SRO Disciplinary Programs. Sanctioning guidelines for Display Rule violations vary widely among the SROs. First and second violations may result in a cautionary letter at one SRO, while another SRO may impose a $1,000 fine for a single violation. The Report notes that some SROs have not been aggressive in imposing sanctions for Display Rule violations. Two SROs had never imposed monetary sanctions, and some failed to conduct their disciplinary processes in a timely manner. All of the SROs, however, have moved to enhance discipline for Display Rule violations. The staff found that SROs with more fully automated surveillance procedures tend to also establish more objective disciplinary practices and to apply them more consistently.

2. Options Markets

The Display Rule applies only to equities; there is currently no comparable rule that applies to trading in options. While the options markets each have rules or policies governing the handling of limit orders, none currently require the immediate display of customer limit orders. Each options exchange has indicated that it is formulating rules requiring the immediate display or execution of customer limit orders.

The staff found that the automated execution and order routing systems of several options exchanges may disadvantage some customer limit orders. Many incoming orders are routed for manual handling instead of automatic execution against the limit order book. As with the equities markets, manual handling increases the potential for limit orders to be concealed.

The Report emphasizes that, as with the equities markets, the options exchanges should take steps to track customer limit order information in order to conduct surveillance for proper handling of limit order display and execution. The staff found that the options exchanges generally conduct very limited surveillance of limit order display. All of the exchanges stated that they intend to enhance this surveillance, and to develop and implement automated limit order display surveillance programs. Finally, the Report recommends that, as they adopt rules and enhance surveillance for proper limit order display, all of the options exchanges should discipline their members more aggressively for rule violations.

Conclusion

The Report concludes that limit orders are increasingly driving market prices and narrowing spreads, and that proper limit order display and handling is therefore critical.

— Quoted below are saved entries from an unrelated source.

(* [mu_p] is the value of [mom4] on index patterns of shape [p]. *)
Definition mu31 : R := - mu4 R n / (n%:R - 1).
Definition mu22 : R := (n%:R - mu4 R n) / (n%:R - 1).
Definition mu211 : R := - (mu31 + mu22) / (n%:R - 2).
Definition mu1111 : R := - 3 * mu211 / (n%:R - 3).

Lemma mom2_diag i : mom2 i i = 1.
Proof.
rewrite (moment_by_symmetry (s := [::]) (f := fun l => mom2 l l)) //=.
  by rewrite sum_mom2_diag big_nil !subr0 divff // pnatr_eq0 -lt0n ltnW.
by move=> q _ l /=; rewrite mom2_perm.
Qed.

Lemma mom2_offdiag i j : i != j -> mom2 i j = - 1 / (n%:R - 1).
Proof.
move=> ij; rewrite (moment_by_symmetry (s := [:: i]) (f := mom2 i)) /=.
- by rewrite sum_mom2 big_seq1 mom2_diag sub0r mulr1n.
- by rewrite andbT inE eq_sym.
- by move=> q qs l; rewrite -[RHS](mom2_perm q) (qs i) // mem_head.
Qed.

Lemma mom4_4 i : mom4 i i i i = mu4 R n.
Proof.
rewrite (moment_by_symmetry (s := [::]) (f := fun l => mom4 l l l l)) //=.
  by rewrite sum_mom4_diag big_nil !subr0 [_ * mu4 R n]mulrC mulfK // pnatr_eq0 -lt0n ltnW.
by move=> q _ l /=; rewrite mom4_perm.
Qed.

Lemma mom4_31 i j : i != j -> mom4 i i i j = mu31.
Proof.
move=> ij; rewrite (moment_by_symmetry (s := [:: i]) (f := mom4 i i i)) /=.
- by rewrite sum_mom4 big_seq1 mom4_4 sub0r mulr1n.
- by rewrite andbT inE eq_sym.
- by move=> q qs l; rewrite -[RHS](mom4_perm q) (qs i) // mem_head.
Qed.
(* Let $T$ be a graph on a countably infinite set $X$ with maximum degree at most $d$, let $\mu$ be a $T$-invariant mean on $X$ with associated regular Borel probability measure $\bar\mu$ on $\beta X$, and let $\mathcal G(T)$ be the associated graphing on $\beta X$. Then for every $r\ge1$ and every rooted finite graph $H$ of radius $r$ with maximum degree at most $d$, $$\mu(A(T,H))=\bar\mu(A(\mathcal G(T),H)).$$
   Context: A mean on $X$ is a finitely additive $\mu:2^X\to[0,1]$ with $\mu(X)=1$; $\bar\mu$ is the unique regular Borel probability on the Stone–Čech compactification $\beta X$ (ultrafilters on $X$) with $\bar\mu(U_A)=\mu(A)$, $U_A=\{\omega:A\in\omega\}$. A mean is $T$-invariant if it is invariant under some (equivalently every) action of a finitely generated group on $X$ whose Schreier graph with respect to some finite symmetric generating set is $T$ (Schreier graph: edge $\{x,y\}$ when $x\ne y$ and $s(x)=y$ for a generator $s$). Bijections $s$ of $X$ extend to $\beta X$ by $\tilde s(\omega)=\{s(A):A\in\omega\}$; $\mathcal G(T)$ is the graph on $\beta X$ with an edge $\{\omega,\omega'\}$ when $\omega\ne\omega'$ and $\tilde s(\omega)=\omega'$ for a generator $s$ of such an action (this does not depend on the chosen action). A rooted graph has radius $r$ if the maximal distance from the root is $r$. $A(T,H)$ is the set of $x\in X$ whose $r$-neighbourhood in $T$ rooted at $x$ is rooted isomorphic to $H$, and $A(\mathcal G(T),H)$ is the set of $\omega\in\beta X$ whose $r$-neighbourhood in $\mathcal G(T)$ is rooted isomorphic to $H$. *)

From Stdlib Require Export Reals List.
Open Scope R_scope.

As order routing and surveillance has become more automated, compliance with the limit order display and handling obligations has been enhanced. The findings detailed in the Report, however, indicate areas where improvement is needed. Market participants should renew their efforts to ensure compliance with the Display Rule in the future because limit order display and handling will remain a priority for SEC examiners.

1 "Special Study: Report Concerning Display of Customer Limit Orders," Office of Compliance Inspections and Examinations and Office of Economic Analysis (May 4, 2000)

2 A limit order is an order to buy or sell a security at or better than a specified price. In contrast, when an investor places a market order, a broker executes the trade at the best current price in the market.

3 Securities and Exchange Commission, Division of Market Regulation, Market 2000: An Examination of Current Equity Market Developments (January 1994).

4 Order Execution Obligations, Exchange Act Release No. 37619A, 61 Fed. Reg. 48,290 (1996) (Display Rule is codified at 17 C.F.R. 240.11Ac1-4).

5 Order Execution Obligations, 61 Fed. Reg. at 48,304.

6 Self-Regulatory Organizations; Order Approving Proposed Rule Change by the Chicago Stock Exchange, Exchange Act Release No. 40066, 63 Fed. Reg. 31,817, 31,818 n.14 (1998).

This letter is for general informational purposes only and does not represent our legal advice as to any particular set of facts, nor does this letter represent any undertaking to keep recipients advised as to all relevant legal developments.